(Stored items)
◆ ◆ ◆ ◆ ◆ ◆ ◆

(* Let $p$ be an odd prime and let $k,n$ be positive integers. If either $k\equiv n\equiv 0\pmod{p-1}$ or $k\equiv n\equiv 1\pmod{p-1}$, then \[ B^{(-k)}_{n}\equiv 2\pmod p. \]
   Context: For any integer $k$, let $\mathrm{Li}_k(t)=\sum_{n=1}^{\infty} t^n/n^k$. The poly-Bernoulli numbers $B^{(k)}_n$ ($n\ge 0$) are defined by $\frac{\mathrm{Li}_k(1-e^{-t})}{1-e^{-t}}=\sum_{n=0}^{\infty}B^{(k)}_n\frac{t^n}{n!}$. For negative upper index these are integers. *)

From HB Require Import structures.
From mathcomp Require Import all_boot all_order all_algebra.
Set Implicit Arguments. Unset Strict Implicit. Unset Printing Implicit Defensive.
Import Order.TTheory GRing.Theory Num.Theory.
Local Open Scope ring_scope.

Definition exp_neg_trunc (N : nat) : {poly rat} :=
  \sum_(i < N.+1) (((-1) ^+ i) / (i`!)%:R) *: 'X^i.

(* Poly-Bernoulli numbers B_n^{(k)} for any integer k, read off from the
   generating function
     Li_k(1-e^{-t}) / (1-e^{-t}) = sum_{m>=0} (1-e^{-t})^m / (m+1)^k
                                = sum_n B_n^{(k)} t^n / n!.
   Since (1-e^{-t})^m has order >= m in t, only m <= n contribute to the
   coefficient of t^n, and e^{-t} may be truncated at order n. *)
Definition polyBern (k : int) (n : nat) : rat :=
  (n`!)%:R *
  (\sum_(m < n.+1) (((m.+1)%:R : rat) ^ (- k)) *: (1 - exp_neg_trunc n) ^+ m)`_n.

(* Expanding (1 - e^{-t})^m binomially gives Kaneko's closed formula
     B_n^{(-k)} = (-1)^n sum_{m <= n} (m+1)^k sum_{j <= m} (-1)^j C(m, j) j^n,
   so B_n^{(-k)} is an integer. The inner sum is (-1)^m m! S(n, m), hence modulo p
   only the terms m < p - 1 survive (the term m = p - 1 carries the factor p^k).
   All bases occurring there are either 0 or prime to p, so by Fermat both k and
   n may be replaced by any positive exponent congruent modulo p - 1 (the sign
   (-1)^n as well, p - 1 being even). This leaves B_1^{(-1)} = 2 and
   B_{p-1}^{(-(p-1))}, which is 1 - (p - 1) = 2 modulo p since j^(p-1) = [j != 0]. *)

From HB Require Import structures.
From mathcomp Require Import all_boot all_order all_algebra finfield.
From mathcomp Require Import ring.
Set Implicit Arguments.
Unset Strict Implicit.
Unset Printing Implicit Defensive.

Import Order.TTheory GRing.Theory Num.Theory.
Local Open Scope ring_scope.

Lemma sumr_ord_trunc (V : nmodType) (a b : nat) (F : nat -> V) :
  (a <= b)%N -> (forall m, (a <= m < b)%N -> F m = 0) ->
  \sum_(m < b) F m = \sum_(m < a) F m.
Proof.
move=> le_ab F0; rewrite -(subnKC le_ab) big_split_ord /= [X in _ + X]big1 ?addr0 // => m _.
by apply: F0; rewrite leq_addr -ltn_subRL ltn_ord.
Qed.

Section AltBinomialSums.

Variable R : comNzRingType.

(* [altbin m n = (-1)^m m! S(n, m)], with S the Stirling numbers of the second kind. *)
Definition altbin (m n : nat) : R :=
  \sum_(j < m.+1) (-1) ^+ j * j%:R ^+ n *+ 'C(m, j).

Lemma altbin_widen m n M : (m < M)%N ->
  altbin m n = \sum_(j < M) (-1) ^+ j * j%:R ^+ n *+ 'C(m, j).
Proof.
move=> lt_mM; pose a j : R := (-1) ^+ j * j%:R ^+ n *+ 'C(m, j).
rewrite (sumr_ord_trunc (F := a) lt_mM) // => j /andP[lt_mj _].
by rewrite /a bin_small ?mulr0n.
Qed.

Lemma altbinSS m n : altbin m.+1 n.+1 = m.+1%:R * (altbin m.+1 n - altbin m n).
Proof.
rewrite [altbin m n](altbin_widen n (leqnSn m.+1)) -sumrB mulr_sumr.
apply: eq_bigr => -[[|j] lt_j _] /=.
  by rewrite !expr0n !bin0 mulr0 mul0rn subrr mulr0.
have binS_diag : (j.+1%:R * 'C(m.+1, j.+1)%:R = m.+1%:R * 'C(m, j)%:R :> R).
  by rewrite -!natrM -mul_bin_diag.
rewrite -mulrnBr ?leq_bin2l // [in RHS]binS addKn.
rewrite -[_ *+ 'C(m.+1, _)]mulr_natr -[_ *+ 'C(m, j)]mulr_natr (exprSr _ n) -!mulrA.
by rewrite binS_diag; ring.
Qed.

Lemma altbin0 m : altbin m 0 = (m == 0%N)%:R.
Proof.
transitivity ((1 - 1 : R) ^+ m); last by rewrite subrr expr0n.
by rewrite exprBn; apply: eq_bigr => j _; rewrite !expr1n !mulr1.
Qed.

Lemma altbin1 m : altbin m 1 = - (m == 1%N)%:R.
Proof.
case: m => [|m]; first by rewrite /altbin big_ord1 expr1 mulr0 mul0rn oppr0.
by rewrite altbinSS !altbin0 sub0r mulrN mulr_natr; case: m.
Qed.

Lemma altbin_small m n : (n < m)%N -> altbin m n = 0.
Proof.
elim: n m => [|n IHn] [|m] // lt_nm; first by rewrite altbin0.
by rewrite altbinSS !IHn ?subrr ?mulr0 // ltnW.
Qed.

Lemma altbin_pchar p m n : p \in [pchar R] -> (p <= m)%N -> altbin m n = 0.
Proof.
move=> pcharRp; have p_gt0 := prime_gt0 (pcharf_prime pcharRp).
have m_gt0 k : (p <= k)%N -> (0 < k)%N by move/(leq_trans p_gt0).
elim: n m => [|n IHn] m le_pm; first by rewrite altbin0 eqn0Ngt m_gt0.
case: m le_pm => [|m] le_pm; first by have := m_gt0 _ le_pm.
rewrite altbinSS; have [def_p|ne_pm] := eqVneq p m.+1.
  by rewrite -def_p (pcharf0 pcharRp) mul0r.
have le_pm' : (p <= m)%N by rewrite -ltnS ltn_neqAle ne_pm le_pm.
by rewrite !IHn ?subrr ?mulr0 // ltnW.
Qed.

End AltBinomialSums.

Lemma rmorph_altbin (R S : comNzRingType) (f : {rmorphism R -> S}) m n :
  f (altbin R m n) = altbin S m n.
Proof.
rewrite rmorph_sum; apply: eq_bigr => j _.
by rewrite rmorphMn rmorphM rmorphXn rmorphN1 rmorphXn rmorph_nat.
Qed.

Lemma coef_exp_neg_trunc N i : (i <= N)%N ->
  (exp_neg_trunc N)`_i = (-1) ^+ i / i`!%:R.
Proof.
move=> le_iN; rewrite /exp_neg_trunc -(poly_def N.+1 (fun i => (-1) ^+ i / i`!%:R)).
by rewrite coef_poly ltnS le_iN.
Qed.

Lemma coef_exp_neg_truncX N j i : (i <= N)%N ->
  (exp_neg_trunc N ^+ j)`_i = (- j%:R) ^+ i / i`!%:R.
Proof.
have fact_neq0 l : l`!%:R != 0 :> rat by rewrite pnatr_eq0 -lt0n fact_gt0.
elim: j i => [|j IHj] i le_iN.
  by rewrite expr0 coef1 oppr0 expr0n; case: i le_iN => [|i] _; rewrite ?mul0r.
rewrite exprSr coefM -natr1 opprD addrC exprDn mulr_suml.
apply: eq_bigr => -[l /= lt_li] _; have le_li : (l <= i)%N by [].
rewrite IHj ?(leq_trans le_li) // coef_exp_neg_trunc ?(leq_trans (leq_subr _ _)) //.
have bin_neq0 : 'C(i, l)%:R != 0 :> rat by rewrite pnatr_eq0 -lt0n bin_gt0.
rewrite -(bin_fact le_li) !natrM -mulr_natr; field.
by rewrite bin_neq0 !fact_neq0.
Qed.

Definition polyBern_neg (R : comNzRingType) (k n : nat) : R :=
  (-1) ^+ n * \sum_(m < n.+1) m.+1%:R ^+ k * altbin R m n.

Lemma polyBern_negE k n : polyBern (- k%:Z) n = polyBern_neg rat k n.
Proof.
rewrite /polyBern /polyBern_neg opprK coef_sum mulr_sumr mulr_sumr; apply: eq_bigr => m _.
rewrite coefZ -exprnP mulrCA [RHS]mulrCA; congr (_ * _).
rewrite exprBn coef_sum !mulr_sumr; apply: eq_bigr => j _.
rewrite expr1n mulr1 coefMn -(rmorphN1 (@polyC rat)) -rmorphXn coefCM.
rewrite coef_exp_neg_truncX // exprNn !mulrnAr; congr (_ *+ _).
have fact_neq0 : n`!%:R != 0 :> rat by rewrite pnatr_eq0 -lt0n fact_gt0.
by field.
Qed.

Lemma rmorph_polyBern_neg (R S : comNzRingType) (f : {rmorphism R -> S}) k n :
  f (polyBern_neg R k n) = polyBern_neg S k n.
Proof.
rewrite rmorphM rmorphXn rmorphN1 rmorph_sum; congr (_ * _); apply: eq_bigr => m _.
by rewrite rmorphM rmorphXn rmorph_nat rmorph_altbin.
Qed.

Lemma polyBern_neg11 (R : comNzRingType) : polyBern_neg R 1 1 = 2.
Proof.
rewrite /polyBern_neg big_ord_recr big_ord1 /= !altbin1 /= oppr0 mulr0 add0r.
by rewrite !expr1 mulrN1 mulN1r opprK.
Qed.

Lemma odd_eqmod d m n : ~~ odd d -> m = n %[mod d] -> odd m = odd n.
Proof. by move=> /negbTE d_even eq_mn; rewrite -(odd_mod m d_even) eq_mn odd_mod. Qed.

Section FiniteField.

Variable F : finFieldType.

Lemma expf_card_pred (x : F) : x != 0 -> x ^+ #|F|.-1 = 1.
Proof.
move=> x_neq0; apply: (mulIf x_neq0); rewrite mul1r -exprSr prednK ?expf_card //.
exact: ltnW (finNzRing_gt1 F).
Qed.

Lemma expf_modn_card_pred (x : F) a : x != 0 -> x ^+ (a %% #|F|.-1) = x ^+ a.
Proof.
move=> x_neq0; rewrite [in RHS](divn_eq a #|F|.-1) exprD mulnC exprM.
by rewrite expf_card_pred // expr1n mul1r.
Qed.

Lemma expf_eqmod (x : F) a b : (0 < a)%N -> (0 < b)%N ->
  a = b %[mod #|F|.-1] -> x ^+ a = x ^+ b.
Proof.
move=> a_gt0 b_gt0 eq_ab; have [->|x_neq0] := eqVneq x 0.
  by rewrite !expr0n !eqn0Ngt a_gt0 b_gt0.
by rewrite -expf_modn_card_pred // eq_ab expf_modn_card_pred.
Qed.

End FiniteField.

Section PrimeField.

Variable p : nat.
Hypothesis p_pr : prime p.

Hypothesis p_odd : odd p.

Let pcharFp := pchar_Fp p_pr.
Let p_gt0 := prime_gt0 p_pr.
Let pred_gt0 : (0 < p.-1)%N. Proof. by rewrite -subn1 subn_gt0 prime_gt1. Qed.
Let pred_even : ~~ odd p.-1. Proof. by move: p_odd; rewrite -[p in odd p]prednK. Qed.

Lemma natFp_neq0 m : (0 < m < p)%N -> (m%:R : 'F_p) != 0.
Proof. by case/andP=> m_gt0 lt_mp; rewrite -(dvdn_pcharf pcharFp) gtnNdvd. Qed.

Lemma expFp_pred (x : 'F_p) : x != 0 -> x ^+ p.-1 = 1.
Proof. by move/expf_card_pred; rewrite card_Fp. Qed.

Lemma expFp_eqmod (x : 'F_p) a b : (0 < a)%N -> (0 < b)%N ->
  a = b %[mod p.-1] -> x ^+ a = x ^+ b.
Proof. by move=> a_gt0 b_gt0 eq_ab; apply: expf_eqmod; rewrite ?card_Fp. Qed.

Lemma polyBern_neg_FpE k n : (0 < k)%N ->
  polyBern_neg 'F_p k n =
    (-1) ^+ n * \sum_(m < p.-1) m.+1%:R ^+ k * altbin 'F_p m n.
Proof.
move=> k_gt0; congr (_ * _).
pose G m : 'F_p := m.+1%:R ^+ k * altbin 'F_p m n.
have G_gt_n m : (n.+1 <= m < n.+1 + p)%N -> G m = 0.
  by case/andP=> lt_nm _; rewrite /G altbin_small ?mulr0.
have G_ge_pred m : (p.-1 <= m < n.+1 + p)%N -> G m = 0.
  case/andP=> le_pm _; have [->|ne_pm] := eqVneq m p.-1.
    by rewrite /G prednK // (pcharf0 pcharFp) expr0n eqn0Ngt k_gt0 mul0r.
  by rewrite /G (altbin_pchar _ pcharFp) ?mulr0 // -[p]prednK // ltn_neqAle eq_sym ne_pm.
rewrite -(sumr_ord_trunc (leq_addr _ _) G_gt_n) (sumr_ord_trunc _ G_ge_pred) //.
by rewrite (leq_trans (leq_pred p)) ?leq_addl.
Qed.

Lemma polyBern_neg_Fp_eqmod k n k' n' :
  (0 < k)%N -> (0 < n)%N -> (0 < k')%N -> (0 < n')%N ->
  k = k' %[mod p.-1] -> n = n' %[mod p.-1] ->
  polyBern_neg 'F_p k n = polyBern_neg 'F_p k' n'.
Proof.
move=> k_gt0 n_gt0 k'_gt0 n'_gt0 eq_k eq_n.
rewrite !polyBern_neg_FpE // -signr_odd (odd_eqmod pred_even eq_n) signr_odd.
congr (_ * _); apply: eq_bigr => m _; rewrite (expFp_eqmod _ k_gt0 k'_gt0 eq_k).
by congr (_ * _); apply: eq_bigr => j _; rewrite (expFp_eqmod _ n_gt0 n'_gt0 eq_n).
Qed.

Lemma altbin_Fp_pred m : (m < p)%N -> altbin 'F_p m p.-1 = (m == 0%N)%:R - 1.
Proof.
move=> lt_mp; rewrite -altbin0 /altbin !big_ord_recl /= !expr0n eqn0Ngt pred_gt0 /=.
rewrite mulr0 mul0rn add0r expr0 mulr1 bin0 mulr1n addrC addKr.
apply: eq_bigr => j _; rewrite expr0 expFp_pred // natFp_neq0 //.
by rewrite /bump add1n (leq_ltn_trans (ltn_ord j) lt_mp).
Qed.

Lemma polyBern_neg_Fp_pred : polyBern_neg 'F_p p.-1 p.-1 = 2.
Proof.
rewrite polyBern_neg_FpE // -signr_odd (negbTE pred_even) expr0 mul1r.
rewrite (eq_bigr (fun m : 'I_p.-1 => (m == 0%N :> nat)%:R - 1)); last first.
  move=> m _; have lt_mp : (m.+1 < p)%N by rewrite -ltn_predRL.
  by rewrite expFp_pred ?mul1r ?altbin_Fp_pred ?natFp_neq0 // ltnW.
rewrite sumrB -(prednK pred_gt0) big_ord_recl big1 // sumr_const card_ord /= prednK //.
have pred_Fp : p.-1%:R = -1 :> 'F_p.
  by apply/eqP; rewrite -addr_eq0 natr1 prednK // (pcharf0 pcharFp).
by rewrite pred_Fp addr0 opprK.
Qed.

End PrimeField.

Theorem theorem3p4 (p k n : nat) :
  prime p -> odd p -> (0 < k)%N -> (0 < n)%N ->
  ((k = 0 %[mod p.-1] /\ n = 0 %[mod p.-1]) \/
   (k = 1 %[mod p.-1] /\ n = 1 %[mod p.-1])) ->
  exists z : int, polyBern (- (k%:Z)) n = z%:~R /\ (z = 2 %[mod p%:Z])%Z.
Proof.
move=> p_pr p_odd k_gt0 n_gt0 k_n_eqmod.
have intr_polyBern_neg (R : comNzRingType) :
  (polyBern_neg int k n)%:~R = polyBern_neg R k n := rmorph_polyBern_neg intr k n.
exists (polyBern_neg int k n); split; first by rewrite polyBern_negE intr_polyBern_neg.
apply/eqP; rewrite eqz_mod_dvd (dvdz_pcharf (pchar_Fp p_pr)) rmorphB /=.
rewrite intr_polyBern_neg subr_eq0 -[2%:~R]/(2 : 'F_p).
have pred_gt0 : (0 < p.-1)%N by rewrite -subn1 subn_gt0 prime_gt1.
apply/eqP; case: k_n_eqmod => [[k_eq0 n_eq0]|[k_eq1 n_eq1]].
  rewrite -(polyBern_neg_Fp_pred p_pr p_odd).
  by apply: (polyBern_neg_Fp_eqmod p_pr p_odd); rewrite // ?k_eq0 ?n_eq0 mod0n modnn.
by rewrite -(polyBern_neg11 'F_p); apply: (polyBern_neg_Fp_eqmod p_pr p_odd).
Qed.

◆ ◆ ◆ ◆ ◆ ◆ ◆

WORK REQUIRED -
Say how many lines of the entries above include the word "Import", giving the number alone.

EXERCISE ANSWER -
7